Like his skull was cracked from the inside and the screams were leaking out through the fractures.
He stared at the blank wall across from him like it might give him an answer. His voice, when it came, was low. Broken.
"Why are you showing me this?" he whispered. "Why me?"
No one answered.
But he could still feel the Raven's eyes on him, even when it wasn't there.
Like a black thread had been tied from his spine to something ancient and cruel perched just outside the world.
Caleb grabbed a pen and began scrawling on a napkin. Dates. Times. Descriptions.
He wrote down everything he remembered from the dreams. The faces. The clothes. The places.
Then he turned on the hospital TV and waited for the nightly news.
Each broadcast confirmed what he feared.
Every death.

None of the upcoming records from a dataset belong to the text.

(* There exists a countable, connected, locally finite graph $G$ with a vertex $v$ such that $G$ has 2-distinguishing density zero at $v$, but $G$ does not have 2-distinguishing density zero; in fact there is a vertex $v'$ of $G$ such that no 2-distinguishing coloring $l$ of $G$ satisfies $\delta_{v'}(l)=0$.
   Context: All graphs are simple with vertex set $V$; $d$ is the graph distance and $B_x(r)=\{y\in V: d(x,y)\le r\}$. A 2-coloring $l:V\to\{\text{blue},\text{red}\}$ is 2-distinguishing if the only automorphism $g$ of $G$ with $l(g(x))=l(x)$ for all $x$ is the identity. For $W\subseteq V$ and $x\in V$, $\delta_x(W):=\lim_{n\to\infty}\frac{|B_x(n)\cap W|}{|B_x(n)|}$ if the limit exists (finite/infinite $=0$, infinite/infinite undefined); if $\delta_x(W)$ exists for all $x$, $\delta(W):=\sup_x\delta_x(W)$. For a 2-coloring $l$ with color classes $V_{\text{blue}},V_{\text{red}}$: $\delta_x(l):=\min\{\delta_x(V_{\text{blue}}),\delta_x(V_{\text{red}})\}$, $\delta(l):=\min\{\delta(V_{\text{blue}}),\delta(V_{\text{red}})\}$. $G$ has 2-distinguishing density zero at $x$ if some 2-distinguishing coloring $l$ has $\delta_x(l)=0$, and has 2-distinguishing density zero if some 2-distinguishing coloring $l$ has $\delta(l)=0$. *)

From Stdlib Require Import Reals List.
Open Scope R_scope.

Section Graphs.
Context {V : Type} (adj : V -> V -> Prop).

Definition simple_graph : Prop :=
  (forall x y, adj x y -> adj y x) /\ (forall x, ~ adj x x).

Definition countable_vertices : Prop :=
  exists f : V -> nat, forall x y, f x = f y -> x = y.

Inductive walk : nat -> V -> V -> Prop :=
| walk0 : forall x, walk 0 x x
| walkS : forall n x y z, walk n x y -> adj y z -> walk (S n) x z.

Definition connected : Prop := forall x y, exists n, walk n x y.

Definition locally_finite : Prop :=
  forall x, exists l : list V, forall y, adj x y -> In y l.

Definition ball (x : V) (r : nat) (y : V) : Prop :=
  exists k, (k <= r)%nat /\ walk k x y.

Definition automorphism (g : V -> V) : Prop :=
  (forall x y, g x = g y -> x = y) /\ (forall y, exists x, g x = y) /\
  (forall x y, adj x y <-> adj (g x) (g y)).

Definition distinguishing (l : V -> bool) : Prop :=
  forall g, automorphism g -> (forall x, l (g x) = l x) -> forall x, g x = x.

End Graphs.

Definition is_card {V : Type} (P : V -> Prop) (k : nat) : Prop :=
  exists s : list V, NoDup s /\ (forall y, In y s <-> P y) /\ length s = k.

(* delta_x(W) exists and equals d (balls are finite here) *)
Definition density_at {V : Type} (adj : V -> V -> Prop) (x : V) (W : V -> Prop) (d : R) : Prop :=
  exists a b : nat -> nat,
    (forall n, is_card (ball adj x n) (b n)) /\
    (forall n, is_card (fun y => ball adj x n y /\ W y) (a n)) /\
    Un_cv (fun n => INR (a n) / INR (b n)) d.

Definition blue_class {V : Type} (l : V -> bool) : V -> Prop := fun y => l y = true.
Definition red_class {V : Type} (l : V -> bool) : V -> Prop := fun y => l y = false.

Definition coloring_density_zero_at {V : Type} (adj : V -> V -> Prop) (x : V) (l : V -> bool) : Prop :=
  exists d1 d2, density_at adj x (blue_class l) d1 /\ density_at adj x (red_class l) d2 /\
    Rmin d1 d2 = 0.

Definition density {V : Type} (adj : V -> V -> Prop) (W : V -> Prop) (s : R) : Prop :=
  (forall x, exists d, density_at adj x W d) /\
  is_lub (fun r => exists x, density_at adj x W r) s.

Definition coloring_density_zero {V : Type} (adj : V -> V -> Prop) (l : V -> bool) : Prop :=
  exists s1 s2, density adj (blue_class l) s1 /\ density adj (red_class l) s2 /\ Rmin s1 s2 = 0.

Definition has_2dist_density_zero_at {V : Type} (adj : V -> V -> Prop) (x : V) : Prop :=
  exists l, distinguishing adj l /\ coloring_density_zero_at adj x l.

Definition has_2dist_density_zero {V : Type} (adj : V -> V -> Prop) : Prop :=
  exists l, distinguishing adj l /\ coloring_density_zero adj l.

(* The graph is a two-way infinite path, the spine, with a simple ray attached along its
   negative half and a ladder (a ray whose vertices are doubled into pairs of twins with the
   same neighbours) along its positive half: the rays are cut into consecutive layers, layer l
   having roughly l! vertices, and spine vertex l+1 (resp. -(l+1)) is joined to every vertex of
   layer l of the ladder (resp. of the ray).  A ball of radius n around a spine vertex is then
   dominated by the outermost layer it meets, which lies on the ladder around vertex 1 and on
   the ray around vertex -1.

   Swapping two twins is an automorphism, so a distinguishing coloring gives twins different
   colors, and around vertex 1 each color class has density at least 1/4.  Coloring the
   nonpositive spine and one twin of each pair blue, the rest red, is distinguishing: the end
   of the ray is the only red vertex of degree at most 2, and from it every vertex is pinned
   down in turn as the unique vertex of some color adjacent to already fixed vertices.  Around
   vertex -1 its blue class has density zero. *)

From Stdlib Require Import Reals List Lia Lra ZArith Arith ClassicalEpsilon FinFun.
Import ListNotations.
Local Open Scope nat_scope.

Section Graphs.
Context {V : Type} (adj : V -> V -> Prop).

Lemma walk_app n m x y z :
  walk adj n x y -> walk adj m y z -> walk adj (n + m) x z.
Proof.
  intros Hxy Hyz. induction Hyz as [|m y z w _ IH Hzw].
  - rewrite Nat.add_0_r. exact Hxy.
  - rewrite Nat.add_succ_r. econstructor; eauto.
Qed.

Lemma walk_one x y : adj x y -> walk adj 1 x y.
Proof. intros Hxy. econstructor; [constructor | exact Hxy]. Qed.

Lemma walk_sym : (forall x y, adj x y -> adj y x) ->
  forall n x y, walk adj n x y -> walk adj n y x.
Proof.
  intros Hsym n x y Hw. induction Hw as [x|n x y z _ IH Hyz].
  - constructor.
  - replace (S n) with (1 + n) by lia.
    eapply walk_app; [apply walk_one, Hsym, Hyz | exact IH].
Qed.

Lemma walk_potential (phi : V -> Z) :
  (forall y z, adj y z -> (phi z <= phi y + 1)%Z) ->
  forall n x y, walk adj n x y -> (phi y <= phi x + Z.of_nat n)%Z.
Proof.
  intros Hphi n x y Hw. induction Hw as [x|n x y z _ IH Hyz].
  - lia.
  - specialize (Hphi _ _ Hyz). lia.
Qed.

Lemma automorphism_fixed_of_unique (g : V -> V) (Q : V -> Prop) z :
  automorphism adj g -> (forall w, Q w -> w = z \/ g w = w) -> Q (g z) -> g z = z.
Proof.
  intros [Hinj _] HQ Hgz. destruct (HQ _ Hgz) as [Hz | Hfix]; [exact Hz |].
  apply Hinj. exact Hfix.
Qed.

Definition at_most_two_neighbours (x : V) : Prop :=
  forall y z w, adj x y -> adj x z -> adj x w -> y = z \/ y = w \/ z = w.

Lemma automorphism_at_most_two_neighbours g x :
  automorphism adj g -> at_most_two_neighbours x -> at_most_two_neighbours (g x).
Proof.
  intros (Hinj & Hsurj & Hadj) Hx y z w Hy Hz Hw.
  destruct (Hsurj y) as [y' <-], (Hsurj z) as [z' <-], (Hsurj w) as [w' <-].
  apply Hadj in Hy, Hz, Hw.
  destruct (Hx _ _ _ Hy Hz Hw) as [-> | [-> | ->]]; auto.
Qed.

End Graphs.

Section Cardinality.
Context {V : Type}.

Lemma is_card_of_list (P : V -> Prop) (L : list V) :
  (forall y, P y -> In y L) -> exists k, is_card P k.
Proof.
  revert P. induction L as [|a L IH]; intros P HL.
  - exists 0%nat, []. split; [constructor | split; [| reflexivity]].
    intros y. split; [intros [] | intros Hy; exact (HL _ Hy)].
  - destruct (IH (fun y => P y /\ y <> a)) as [k (s & Hnd & Hs & Hlen)].
    { intros y [Py Hya]. destruct (HL y Py); [subst; tauto | assumption]. }
    destruct (classic (P a)) as [Pa | nPa].
    + exists (S k), (a :: s).
      split; [constructor; [rewrite Hs; tauto | exact Hnd] | split; [| simpl; congruence]].
      intros y. simpl. rewrite Hs.
      destruct (classic (y = a)) as [-> | Hya]; intuition congruence.
    + exists k, s. split; [exact Hnd | split; [| exact Hlen]].
      intros y. rewrite Hs. split; [tauto |].
      intros Py. split; [exact Py | intros ->; tauto].
Qed.

Lemma is_card_le_length (P : V -> Prop) k L :
  is_card P k -> (forall y, P y -> In y L) -> (k <= length L)%nat.
Proof.
  intros (s & Hnd & Hs & <-) HL. apply NoDup_incl_length; [exact Hnd |].
  intros y Hy. apply HL, Hs, Hy.
Qed.

Lemma length_le_is_card (P : V -> Prop) k L :
  is_card P k -> NoDup L -> (forall y, In y L -> P y) -> (length L <= k)%nat.
Proof.
  intros (s & Hnd & Hs & <-) HndL HL. apply NoDup_incl_length; [exact HndL |].
  intros y Hy. apply Hs, HL, Hy.
Qed.

Lemma is_card_unique (P : V -> Prop) k k' : is_card P k -> is_card P k' -> k = k'.
Proof.
  intros Hk Hk'. destruct Hk' as (s & Hnd & Hs & <-).
  apply Nat.le_antisymm.
  - apply (is_card_le_length P); [exact Hk | apply Hs].
  - apply (length_le_is_card P); [exact Hk | exact Hnd | apply Hs].
Qed.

Every tragedy, exactly twenty-four hours after his dream.
To the minute.
He stopped sleeping.
Instead, he sat up, cold coffee in hand, dark circles eating into his face. He watched the city burn on-screen while the dreams piled behind his eyes like corpses.
And every time he blinked, he saw it, A shape on the windowsill. Wings folded. Eyes like tar pits.
The Raven.
Its white spiral shone like a curse.
Caleb leaned his forehead against the cool window glass, fists clenched.
"Are you… him?" he whispered.
The words tasted like rust.
"Are you… Isaac?"
His voice cracked on the name.
The Raven didn't answer, It never did, but it stayed, watching, waiting.